“Bauru é privilegiada em vários aspectos. Em matéria de pescaria temos entre nós, bauruenses de coração, o dono de um dos melhores ranchos do País. Falo do Rancho Xingu, um surpreendente e atencioso staff, num espetáculo de instalações encravadas ao Norte de Mato Grosso, na Bacia Amazônica, distante das civilizações e ao lado da Reserva do Xingu, onde indígenas tratam de impedir, até a força, que a natureza seja atacada. A proteção da fauna e flora na região é de imediato notada.
Não é demais dizer que o Rancho Xingu encontra-se numa das áreas mais piscosas que se conhece e isso se explica pela vizinhança com a Reserva Indígena do Xingu, afinal os peixes após nadarem livremente rio acima por centenas de quilômetros pelo Xingu, percorrendo toda a Reserva Indígena, quando ultrapassam o Xingu e entram no rio Koluene estão em frente às terras do rancho “bauruense”. Melhor lugar para pescar que esse, portanto, se é que existem, são poucos.
Em busca desse local maravilhoso, embarcamos no final de julho com uma seleta turma de pescadores, que nasceu no Bauru Golf Clube há seis anos. Seguimos em 23 pessoas, de ônibus, para Canarana/MT de onde deveríamos seguir, de avião, para o Rancho Xingu. A viagem é longa, 24 horas de ônibus, de forma que já saímos de Bauru aperitivando, conversando, assistindo e comentando os filmes educativos exibidos pelo videocassete do ônibus.
Chegamos ao Rancho Xingu num sábado pela manhã, quase no horário de almoço, e lá já encontramos o Airá, um índio perambulante que oferecia suas peças de artesanato e pedia presentes.
Todos almoçaram e foram para seus apartamentos, (com ar-condicionado), arrumar suas tralhas e descansar da viagem. Pesca mesmo só no dia seguinte. Ao anoitecer, os pescadores foram se agrupando ao redor de uma farta mesa, num amplo e arejado salão, para apreciar as deliciosas caipirinhas preparadas com maestria pelo Árabe do grupo, bebidas entre tantas cervejas “estupidamente” geladas.
Às tantas, juntou-se aos bons o “Primo”, como era chamado o primo de um dos pescadores do grupo original que pelo primeiro ano participava da pescaria. Todos notaram que ele estava vestido com um lindo pijama de algodão azul, novíssimo. Saltou aos olhos a inveja dos demais, que deveriam dormir com suas roupas velhas, mas ninguém comentou nada.
Nas noites seguintes, a história se repetia e o grupo, cada vez mais unido, já começava a comentar sobre o ”pijama do Primo”, sem que ele percebesse, é lógico. Na noite de quarta-feira uns dos jovens pescadores mais chegados ao Primo teve a brilhante idéia de presentear o índio Airá com o “pijama do Primo”. Sua idéia foi levada ao grupo e aprovada “por unanimidade”.

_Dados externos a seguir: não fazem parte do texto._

(* Let $\Lambda\subseteq\Lambda_f\subset\mathbb{R}^n$ be nested lattices with Voronoi regions $\mathcal{V}$ and $\mathcal{V}_f$ respectively, and suppose the tiling condition $\mathcal{V}=(\Lambda_f\cap\mathcal{V})+\mathcal{V}_f$ holds (Minkowski sum). Then for every $\mathbf{x}\in\mathbb{R}^n$, $$[Q_{\Lambda_f}(\mathbf{x})]\bmod\Lambda=Q_{\Lambda_f}\big([\mathbf{x}]\bmod\Lambda\big).$$
   Context: For a lattice $L\subset\mathbb{R}^n$ with Voronoi region $\mathcal{V}_L$ (the set of points whose nearest lattice point is $\mathbf{0}$, ties broken systematically so that $\mathcal{V}_L$ is a fundamental domain), $Q_L(\mathbf{y})$ is the unique $\mathbf{t}\in L$ with $\mathbf{y}-\mathbf{t}\in\mathcal{V}_L$, and $[\mathbf{y}]\bmod L=\mathbf{y}-Q_L(\mathbf{y})$. *)

From HB Require Import structures.
From mathcomp Require Import all_boot all_order all_algebra.
From mathcomp Require Import boolp classical_sets reals.
Set Implicit Arguments. Unset Strict Implicit. Unset Printing Implicit Defensive.
Import Order.TTheory GRing.Theory Num.Theory.
Local Open Scope ring_scope.
Local Open Scope classical_set_scope.

Definition sqnorm (R : realType) (n : nat) (v : 'rV[R]_n) : R :=
  \sum_(i < n) v ord0 i ^+ 2.

Definition is_lattice (R : realType) (n : nat) (L : set 'rV[R]_n) : Prop :=
  exists B : 'M[R]_n, B \in unitmx /\
    forall v, L v <-> exists z : 'rV[int]_n, v = map_mx (fun k : int => k%:~R) z *m B.

(* V is a Voronoi region of L (with ties broken so that V is a fundamental
   domain): every point of V has 0 as a nearest lattice point, and every
   y has a unique t in L with y - t in V. *)
Definition is_voronoi (R : realType) (n : nat) (L V : set 'rV[R]_n) : Prop :=
  (forall v, V v -> forall t, L t -> sqnorm v <= sqnorm (v - t)) /\
  (forall y, exists! t, L t /\ V (y - t)).

Definition QL (R : realType) (n : nat) (L V : set 'rV[R]_n) (y : 'rV[R]_n) : 'rV[R]_n :=
  xget 0 [set t | L t /\ V (y - t)].

Definition modL (R : realType) (n : nat) (L V : set 'rV[R]_n) (y : 'rV[R]_n) : 'rV[R]_n :=
  y - QL L V y.

From HB Require Import structures.
From mathcomp Require Import all_boot all_order all_algebra.
From mathcomp Require Import boolp classical_sets reals.
Import Order.TTheory GRing.Theory Num.Theory.
Local Open Scope ring_scope.
Local Open Scope classical_set_scope.

(* Only the fundamental-domain property of the Voronoi regions matters: every
   point decomposes uniquely as t + v with t in the lattice and v in its
   region, so Q_L (t + v) = t.  Write x = s + r with s = Q_L(x) and
   r = [x] mod L in V; the tiling condition splits r = a + b with a in
   Lf /\ V and b in Vf.  Then Q_Lf(r) = a and, since s + a lies in Lf,
   Q_Lf(x) = s + a, whose reduction mod L is a because a lies in V. *)

Lemma is_lattice_addr_closed (R : realType) (n : nat) (L : set 'rV[R]_n) a b :
  is_lattice L -> L a -> L b -> L (a + b).
Proof.
move=> [B [_ HB]] /HB [za ->] /HB [zb ->]; apply/HB; exists (za + zb).
rewrite -mulmxDl; congr (_ *m _); apply/matrixP => i j.
by rewrite !mxE rmorphD.
Qed.

Section Quantizer.
Variables (R : realType) (n : nat) (L V : set 'rV[R]_n).
Hypothesis LV : is_voronoi L V.

Lemma QL_spec y : L (QL L V y) /\ V (y - QL L V y).
Proof.
have [t [Ht _]] := LV.2 y.
exact: (@xgetPex _ 0 [set t | L t /\ V (y - t)] (ex_intro _ t Ht)).
Qed.

Lemma QL_unique y t : L t -> V (y - t) -> QL L V y = t.
Proof.
move=> Lt Vt; have [u [_ u_uniq]] := LV.2 y.
by rewrite -(u_uniq _ (QL_spec y)) -(u_uniq _ (conj Lt Vt)).
Qed.

Lemma QL_addr t v : L t -> V v -> QL L V (t + v) = t.
Proof. by move=> Lt Vv; apply: QL_unique => //; rewrite addrAC subrr add0r. Qed.

Lemma modL_addr t v : L t -> V v -> modL L V (t + v) = v.
Proof. by move=> Lt Vv; rewrite /modL QL_addr // addrAC subrr add0r. Qed.

End Quantizer.

Arguments QL_spec {R n L V}.

Theorem lemma6 (R : realType) (n : nat) (L Lf V Vf : set 'rV[R]_n) :
  is_lattice L -> is_lattice Lf -> L `<=` Lf ->
  is_voronoi L V -> is_voronoi Lf Vf ->
  (forall y, V y <-> exists a b, (Lf `&` V) a /\ Vf b /\ y = a + b) ->
  forall x : 'rV[R]_n, modL L V (QL Lf Vf x) = QL Lf Vf (modL L V x).
Proof.
move=> _ latLf subL vorL vorLf tiling x.
set s := QL L V x; have [Ls Vr] := QL_spec vorL x.
have [a [b [[Lfa Va] [Vfb r_ab]]]] := (tiling _).1 Vr.
have x_sab : x = (s + a) + b by rewrite -addrA -r_ab addrC subrK.
have -> : QL Lf Vf x = s + a.
  by rewrite x_sab QL_addr //; apply: is_lattice_addr_closed (subL _ Ls) Lfa.
have -> : modL L V x = a + b by rewrite /modL -/s r_ab.
by rewrite modL_addr // QL_addr.
Qed.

Assim, na manhã de quinta-feira, enquanto o Primo tomava seu café da manhã, um de seus companheiros de quarto pegou o pijama e entregou a outro pescador, mais velho, saindo logo em seguida com o Primo para pescarem. O pijama foi então entregue ao índio Airá, que de bobo não tem nada diga-se, e ele paramentou-se rapidamente para depois sentar-se numa poltrona, com toda pompa, esperando a chegada do Primo. Mas o Primo demorou muito e o Cacique chamou Airá para irem embora, de barco, para a reserva.

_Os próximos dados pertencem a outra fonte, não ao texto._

Definition mono_in (L : logic) (F G : frame) (f : W F -> W G) : Prop :=
  forall (H : frame), LKFr_lf L H ->
  forall g h : W H -> W F, pmorphism H F g -> pmorphism H F h ->
    (forall x, f (g x) = f (h x)) -> forall x, g x = h x.

Definition regular_mono_in (L : logic) (F G : frame) (f : W F -> W G) : Prop :=
  exists (K : frame) (g h : W G -> W K),
    LKFr_lf L K /\ pmorphism G K g /\ pmorphism G K h /\
    (forall x, g (f x) = h (f x)) /\
    (forall (H : frame), LKFr_lf L H ->
     forall k : W H -> W G, pmorphism H G k ->
       (forall x, g (k x) = h (k x)) ->
       exists u : W H -> W F,
         pmorphism H F u /\ (forall x, f (u x) = k x) /\
         (forall u' : W H -> W F, pmorphism H F u' ->
            (forall x, f (u' x) = k x) -> forall x, u' x = u x)).

(* A monomorphism f : F -> G of locally finite L-frames is injective.  Since F
   is transitive (axiom 4) and locally finite, the strict-successor relation is
   well founded, so we may assume f injective on the strict successors of x.
   Two distinct points of the cluster of x identified by f would be separated
   by the automorphism of F swapping them; a point x' <> x with f x' = f x would
   be separated from the inclusion by the retraction of the subframe generated
   by x' onto the upset of x.  An injective p-morphism is then the equalizer of
   the two embeddings of G into two copies of G glued along the image of f;
   this image is an upset, so the glued frame is a p-morphic image of the
   disjoint union G + G, hence again a locally finite L-frame. *)

From Stdlib Require Import List Relations FinFun.
From Stdlib Require Import Classical ClassicalEpsilon ProofIrrelevance Lia.
Import ListNotations.
Local Open Scope bool_scope.

Notation rt F := (clos_refl_trans _ (R F)).

Lemma sat_ext (F : frame) (V1 V2 : nat -> W F -> Prop) :
  (forall n w, V1 n w <-> V2 n w) -> forall p w, sat F V1 w p <-> sat F V2 w p.
Proof.
  intros HV p; induction p as [n| |p1 IH1 p2 IH2|p IH]; intros w; simpl.
  - apply HV.
  - tauto.
  - rewrite (IH1 w), (IH2 w); tauto.
  - split; intros Hs w' Hw; apply IH, Hs, Hw.
Qed.

Lemma sat_pmorphism (H F : frame) (pi : W H -> W F) (V : nat -> W F -> Prop) :
  pmorphism H F pi ->
  forall p a, sat H (fun n x => V n (pi x)) a p <-> sat F V (pi a) p.
Proof.
  intros [Hforth Hback] p; induction p as [n| |p1 IH1 p2 IH2|p IH]; intros a; simpl.
  - tauto.
  - tauto.
  - rewrite (IH1 a), (IH2 a); tauto.
  - split.
    + intros Hs v Hv. destruct (Hback a v Hv) as [w [Hw <-]]. apply IH, Hs, Hw.
    + intros Hs w Hw. apply IH, Hs, Hforth, Hw.
Qed.

Lemma validates_pmorphic_image (H F : frame) (pi : W H -> W F) (L : logic) :
  pmorphism H F pi -> (forall y, exists x, pi x = y) ->
  validates H L -> validates F L.
Proof.
  intros Hpi Hsurj HL p Lp V y. destruct (Hsurj y) as [x <-].
  apply (sat_pmorphism H F pi V Hpi), HL, Lp.
Qed.

Lemma pmorphism_comp (F G H : frame) (f : W F -> W G) (g : W G -> W H) :
  pmorphism F G f -> pmorphism G H g -> pmorphism F H (fun x => g (f x)).
Proof.
  intros [Hff Hfb] [Hgf Hgb]. split.
  - auto.
  - intros w v Hv. destruct (Hgb (f w) v Hv) as [y [Hy <-]].
    destruct (Hfb w y Hy) as [w' [Hw' <-]]. eauto.
Qed.

Lemma pmorphism_id (F : frame) : pmorphism F F (fun x => x).
Proof. split; eauto. Qed.

Lemma transitive_of_valid_ax4 (F : frame) : valid F ax4 -> transitive _ (R F).
Proof.
  intros Hv x y z Hxy Hyz.
  exact (Hv (fun _ w => R F x w) x (fun w Hw => Hw) y Hxy z Hyz).
Qed.

Lemma LKFr_lf_transitive (L : logic) (F : frame) :
  extends_K4 L -> LKFr_lf L F -> transitive _ (R F).
Proof. intros [_ L4] [_ HF]. apply transitive_of_valid_ax4, HF, L4. Qed.

Lemma rt_transitive_cases (F : frame) : transitive _ (R F) ->
  forall x y, rt F x y -> x = y \/ R F x y.
Proof.
  intros T x y Hxy; induction Hxy as [x y Hxy|x|x y z _ [<-|Hxy] _ [<-|Hyz]]; eauto.
Qed.

Lemma rt_step_r (F : frame) (x y z : W F) : rt F x y -> R F y z -> rt F x z.
Proof. intros; eapply rt_trans; [eassumption | apply rt_step; assumption]. Qed.

Lemma rt_pmorphism_forth (H F : frame) (pi : W H -> W F) :
  (forall a b, R H a b -> R F (pi a) (pi b)) ->
  forall a b, rt H a b -> rt F (pi a) (pi b).
Proof.
  intros Hforth a b Hab; induction Hab.
  - apply rt_step; auto.
  - apply rt_refl.
  - eapply rt_trans; eauto.
Qed.

Lemma rt_pmorphism_back (F G : frame) (f : W F -> W G) : pmorphism F G f ->
  forall x v, rt G (f x) v -> exists y, rt F x y /\ f y = v.
Proof.
  intros [_ Hback] x v Hv. apply clos_rt_rt1n in Hv.
  remember (f x) as fx eqn:Efx. revert x Efx.
  induction Hv as [u|u u' v Hu _ IH]; intros x ->.
  - exists x. split; [apply rt_refl | reflexivity].
  - destruct (Hback x u' Hu) as [x' [Hx' <-]].
    destruct (IH x' eq_refl) as [y [Hy <-]].
    exists y. split; [eapply rt_trans; [apply rt_step|]; eauto | reflexivity].
Qed.

Lemma sig_eq {A : Type} {P : A -> Prop} (a b : {x | P x}) :
  proj1_sig a = proj1_sig b -> a = b.
Proof. destruct a, b; simpl; intros ->; f_equal; apply proof_irrelevance. Qed.

Definition gen (F : frame) (x : W F) : frame :=
  Frame {y | rt F x y} (fun a b => R F (proj1_sig a) (proj1_sig b)).

Definition gen_root (F : frame) (x : W F) : W (gen F x) := exist _ x (rt_refl _ _ _).

Lemma gen_incl_pmorphism (F : frame) (x : W F) :
  pmorphism (gen F x) F (@proj1_sig _ _).
Proof.
  split.
  - auto.
  - intros [w Hw] v Hv. exists (exist _ v (rt_step_r F x w v Hw Hv)). auto.
Qed.

Lemma gen_validates (L : logic) (F : frame) (x : W F) :
  validates F L -> validates (gen F x) L.
Proof.
  intros HL p Lp V s.
  set (V' := fun n y => forall Hy : rt F x y, V n (exist _ y Hy)).
  apply (sat_ext (gen F x) (fun n a => V' n (proj1_sig a)) V).
  - intros n [y Hy]; unfold V'; simpl; split; [auto|].
    intros HV Hy'. rewrite (proof_irrelevance _ Hy' Hy). exact HV.
  - apply (sat_pmorphism _ F _ V' (gen_incl_pmorphism F x)), HL, Lp.
Qed.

No caminho o barco dos índios, que descia o rio Koluene, cruzou com o barco onde estavam o Primo e outro pescador que sabia da brincadeira e eles puderam ver que Airá estava vestido com o “pijama do Primo”, todo sorridente, acenando para eles. O pescador que acompanhava o Primo não se conteve e alertou-o, dizendo que achava que o Airá estava vestindo seu pijama. O Primo respondeu que não podia ser, confiava em seus companheiros de quarto e não acreditava que pudessem ter feito isso: dar a um índio o pijama novinho que havia ganho da esposa, sabendo que ela iria ficar brava quando ele chegasse em casa sem o pijama. Como iria explicar que “perdeu” o pijama!!!

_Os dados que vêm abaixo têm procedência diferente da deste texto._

Lemma frame_average n (I : finType) (U : I -> 'M[algC]_3) (c : algC)
    (h D : 'I_n -> algC) J :
  (forall k, unitary (U k)) ->
  \sum_k conjU (U k) Sz = 0 ->
  \sum_k (conjU (U k) Sz *m conjU (U k) Sz) = c%:M ->
  (forall p q r s, \sum_k pairForm (conjU (U k) Sz) p q r s = 0) ->
  forall s t, \sum_k frameH (U k) (Ham h D J) s t = c * (\sum_i D i) * opid s t.
Proof.
move=> HU sumF sumF2 sumPair s t.
under eq_bigr => k _ do rewrite frameH_Ham // frameHam_eval //.
rewrite big_split /=.
have pair0 : \sum_k \sum_(i < n) \sum_(j < n | j != i) J i j *
    (pairForm (conjU (U k) Sz) (s i) (t i) (s j) (t j) * agree_off2 i j s t) = 0.
  rewrite exchange_big big1 // => i _; rewrite exchange_big big1 // => j _.
  by rewrite -mulr_sumr -mulr_suml sumPair mul0r mulr0.
rewrite pair0 addr0 exchange_big mulr_sumr mulr_suml; apply: eq_bigr => i _.
rewrite -mulr_suml big_split /= -!mulr_sumr -!summxE sumF sumF2.
by rewrite -(agree_off1_opid i) !mxE mulr0 add0r -mulr_natr; ring.
Qed.

Theorem mainTheorem4 :
  (forall k : 'I_12, exists U : 'M[algC]_3, unitary U /\ dagger U *m Sz *m U = Fr k)
  /\
  (forall (n : nat) (h D : 'I_n -> algC) (J : 'I_n -> 'I_n -> algC)
          (U : 'I_12 -> 'M[algC]_3),
     (forall i, h i \is Num.real) -> (forall i, D i \is Num.real) ->
     (forall i j, J i j \is Num.real) -> (forall i j, J i j = J j i) ->
     (forall k, unitary (U k) /\ dagger (U k) *m Sz *m U k = Fr k) ->
     (fun s t => 12^-1 * \sum_(k < 12) frameH (U k) (Ham h D J) s t)
     = (fun s t => 2 / 3 * (\sum_(i < n) D i) * @opid n s t))
  /\ Sx *m Sx + Sy *m Sy + Sz *m Sz = 2%:M
  /\ Sxt *m Sxt + Syt *m Syt + Szt *m Szt = 2%:M.
Proof.
split; first exact: frames_realizable.
split; last by split; [exact: spin_sq_sum | exact: spin_tilde_sq_sum].
move=> n h D J U _ _ _ _ HU; apply: op_ext => s t /=.
have frameU k : conjU (U k) Sz = Fr k by case: (HU k).
rewrite (@frame_average _ _ U 8) => [|k|||]; first by field.
- by case: (HU k).
- by under eq_bigr => k _ do rewrite frameU; exact: frames_sum.
- by under eq_bigr => k _ do rewrite frameU; exact: frames_sq_sum.
- by move=> p q r s'; under eq_bigr => k _ do rewrite frameU; exact: frames_pairForm_sum.
Qed.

Chegando no Rancho, o Primo foi direto procurar o pijama, não encontrando. Como ele ficou quieto, ninguém comentou nada. Só nos dias seguintes, já na viagem de volta, é que o Primo descontraiu novamente e então mostraram a ele as várias fotografias digitais tiradas de Airá vestido com o ‘pijama do Primo’. Chegando em Bauru, para a alegria e tranqüilidade de todos, o Primo nos contou que sua esposa, a Prima, tinha achado graça na brincadeira e lhe dado um pijama novo...”
Antonio Carlos Piccino Filho é pescador e contador de histórias.